Face Harvesting: Download your Facebook data for External Reporting and Visualization
I'm always on the lookout for cool new data feeds that I can mess with - as you can clearly see from some of the other posts on this site.
Usually it involves some scripting, screen-scraping, system fiddling, and general madness - basically meaning that some people can get it to work, while others cannot. This bothers me, so THIS little "data harvester"... well, this time it's all automatic, baby!
Anyways. where was I? Oh yeah, that's right - we're talking about the good ole' Book of Faces again...
Facebook.
One of the great white whales of the data world.
Thankfully instead of harpoon, we have their nifty Open Graph API.

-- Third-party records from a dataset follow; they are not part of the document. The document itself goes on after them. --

Lemma gen_B0_strictly_join_irreducible : strictly_join_irreducible (gen B0).
Proof.
move=> X X_pv genB0_join.
have W_genB0 W : X W -> subclass W (gen B0).
  by move=> XW T WT; apply/genB0_join; exact: join_ub WT.
have [[W [XW WB0]] | noB0] := classic (exists W, X W /\ W B0).
  exists W; split=> // T; split; last exact: W_genB0.
  exact: gen_min (X_pv W XW) WB0.
have W_sandwich W : X W -> subclass W (satisfies id_sandwich).
  move=> XW T WT s; have genT := W_genB0 W XW T WT.
  apply: NNPP => /(divides_B0_of_not_sandwich (s := s)) B0_T.
  apply: noB0; exists W; split=> //; apply: pseudovariety_divides (X_pv W XW) _ WT.
  apply: B0_T; apply: gen_satisfies genT;
    [exact: B0_cube | exact: B0_idem_comm | exact: B0_swap].
exfalso; apply: B0_not_sandwich.
apply: (join_least (satisfies_pv _) W_sandwich).
by apply/genB0_join; exact: gen_self.
Qed.

Definition no_f (w : adjI B0) : bool := if w is Some B0f then false else true.
Definition no_e (w : adjI B0) : bool := if w is Some B0e then false else true.

Lemma no_f_mul x y : no_f x -> no_f y -> no_f (x • y).
Proof. by case: x => [[]|]; case: y => [[]|]. Qed.

Lemma no_e_mul x y : no_e x -> no_e y -> no_e (x • y).
Proof. by case: x => [[]|]; case: y => [[]|]. Qed.

Definition B0I_no_f : fsemigroup := subsemigroup no_f_mul (ex_intro _ None isT).
Definition B0I_no_e : fsemigroup := subsemigroup no_e_mul (ex_intro _ None isT).
(* Let $k\colon K\to T1$ be an $n$-globular operad equipped with a contraction and a system of compositions. Then $k$ has a section $\hat k\colon T1\to K$ in $\mathbf{GSet}_n$ (i.e. $k\circ\hat k=\mathrm{id}_{T1}$); in particular $k_m\colon K_m\to(T1)_m$ is surjective for every $0\le m\le n$.
   Context: Fix $n\in\mathbb{N}$. An $n$-globular set $X$ consists of sets $X_0,\dots,X_n$ and functions $s,t\colon X_m\to X_{m-1}$ ($1\le m\le n$) with $s\circ s=s\circ t$ and $t\circ s=t\circ t$; maps commute with $s,t$; $\mathbf{GSet}_n$ is the resulting category. Two $m$-cells are parallel if they have the same source and target. $T$ denotes the free strict $n$-category monad on $\mathbf{GSet}_n$, with unit $\eta^T$ and multiplication $\mu^T$. $1$ denotes the terminal $n$-globular set and $!$ any map to $1$; $T1$ is the free strict $n$-category on $1$; $\mathrm{id}_\alpha$ is the identity cell on $\alpha$. An $n$-globular collection is a map $k\colon K\to T1$ in $\mathbf{GSet}_n$; a map of collections is a map over $T1$. The tensor $K\otimes K'$ of collections $k\colon K\to T1$, $k'\colon K'\to T1$ is the pullback of $k$ along $T!\colon TK'\to T1$, regarded as a collection via $K\otimes K'\to TK'\xrightarrow{Tk'}T^21\xrightarrow{\mu^T_1}T1$; the unit is $\eta^T_1\colon1\to T1$. An $n$-globular operad is a monoid $(K,\eta^K,\mu^K)$ in this monoidal category of collections. Contractions: for a collection $k\colon K\to T1$ and $x\in(T1)_m$ put $K(x)=\{a\in K_m: k(a)=x\}$. For $1\le m\le n$ and $\pi\in(T1)_m$ let $C_K(\pi)=K(s\pi)\times K(t\pi)$ if $m=1$, and $C_K(\pi)=\{(a,b)\in K(s\pi)\times K(t\pi): s(a)=s(b),\ t(a)=t(b)\}$ if $m>1$. A contraction $\gamma$ on $K$ consists of, for each $1\le m\le n$ and each $\alpha\in(T1)_{m-1}$, a function $\gamma_{\mathrm{id}_\alpha}\colon C_K(\mathrm{id}_\alpha)\to K(\mathrm{id}_\alpha)$ with $s\gamma_{\mathrm{id}_\alpha}(a,b)=a$ and $t\gamma_{\mathrm{id}_\alpha}(a,b)=b$, such that moreover (tameness) any two parallel $n$-cells $a,b$ of $K$ with $k(a)=k(b)$ are equal. Systems of compositions: for $0\le m\le n$ let $\eta_m\in(T1)_m$ be the image under $\eta^T_1$ of the unique $m$-cell of $1$; put $\beta^m_m=\eta_m$ and $\beta^m_p=\eta_m\circ^m_p\eta_m$ for $0\le p<m$. Let $S\subseteq T1$ be the sub-$n$-globular set with $S_m=\{\beta^m_p:0\le p\le m\}$, a collection via the inclusion, with $\eta^S\colon1\to S$ picking out each $\beta^m_m$. A system of compositions on an operad $K$ is a map of collections $\sigma\colon S\to K$ with $\sigma\circ\eta^S=\eta^K$. *)

From Stdlib Require Import List Arith.
Import ListNotations.

(* n-globular sets, encoded as an ambient carrier type together with a
   predicate singling out the actual cells, a dimension function and
   source/target functions (meaningful on cells of positive dimension).
   The set X_m of the paper is {x | gin x /\ gdim x = m}. *)
Record gset := GSet {
  gcar :> Type;
  gin  : gcar -> Prop;
  gdim : gcar -> nat;
  gsrc : gcar -> gcar;
  gtgt : gcar -> gcar }.

Arguments gin {g} _.
Arguments gdim {g} _.
Arguments gsrc {g} _.
Arguments gtgt {g} _.

Definition is_gset (n : nat) (X : gset) : Prop :=
  (forall x : X, gin x -> gdim x <= n) /\
  (forall x : X, gin x -> 0 < gdim x ->
      gin (gsrc x) /\ gin (gtgt x) /\
      gdim (gsrc x) = pred (gdim x) /\ gdim (gtgt x) = pred (gdim x)) /\
  (forall x : X, gin x -> 1 < gdim x ->
      gsrc (gsrc x) = gsrc (gtgt x) /\ gtgt (gsrc x) = gtgt (gtgt x)).

Definition is_gmap (X Y : gset) (f : X -> Y) : Prop :=
  forall x : X, gin x ->
    gin (f x) /\ gdim (f x) = gdim x /\
    (0 < gdim x -> f (gsrc x) = gsrc (f x) /\ f (gtgt x) = gtgt (f x)).

Definition parallel (X : gset) (x y : X) : Prop :=
  gdim x = gdim y /\ (0 < gdim x -> gsrc x = gsrc y /\ gtgt x = gtgt y).

Definition one (n : nat) : gset :=
  {| gcar := nat; gin := fun m => m <= n; gdim := fun m => m;
     gsrc := pred; gtgt := pred |}.

(* A cell of relative dimension m+1 of the
   free strict category on a globular set, living in a hom at offset j, is
   a sequence  x0 -c1-> x1 -c2-> ... -ck-> xk  where the x_i are j-cells
   of X and the c_i are cells of relative dimension m in the free strict
   category on the hom globular sets X(x_(i-1), x_i) (offset j+1).  This is
   the standard description T X (x,y) = coproduct over sequences of products
   of T'(X(x_(i-1),x_i)) of the free strict n-category. *)
Inductive rt (A : Type) : Type :=
| Lf : A -> rt A
| Nd : A -> list (rt A * A) -> rt A.
Arguments Lf {A} _.
Arguments Nd {A} _ _.

Section Raw.
Variable X : gset.

Definition inhom (c : rt X) (x y : X) : Prop :=
  match c with
  | Lf b => gsrc b = x /\ gtgt b = y
  | Nd b0 l => (gsrc b0 = x /\ gtgt b0 = y) /\
               Forall (fun p => gsrc (snd p) = x /\ gtgt (snd p) = y) l
  end.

I previously posted about pulling data from the Facebook Open Graph - but that was just an unauthenticated search on posts in the "public stream", this is completely different...
No need to cut and paste scripts this time. Basically, I made a small web app that (once properly authenticated and given permission) will download a decent portion of your Facebook records in MySQL tables and/or CSV files for you to do whatever you want with. Not only your personal data (friends, comments, posts, etc), but also "Page" data (insights, posts, likes, etc) for any Pages that you might be a administrator of. For a random user with no "Fan Pages" (like me), it's just a cool way to bring up your data and check it out (maybe in Tableau, hint, hint), but for someone who runs an actual Fan Page, it can be a great deal more interesting.
Hell, you could even massage this data, crank it into something like SPSS or R, and generate something really interesting.
Here's whats going to happen.
- You will click the button below
- You will be re-directed to log into Facebook
- You will have to give the 'Data Harvester' app permission to see your FB data
- You will be re-directed back to this site
- A live counter will begin to show records pulled from key FB "tables"
- A big-ass button will appear with a link to the "data download" page when it's done
Here's a shitty (and incomplete) diagram to give you an idea of what kind of data we will have access to.
I'm sure that there are tons of problems and bugs, so please don't be shy to let me know how it works for you! Cheers!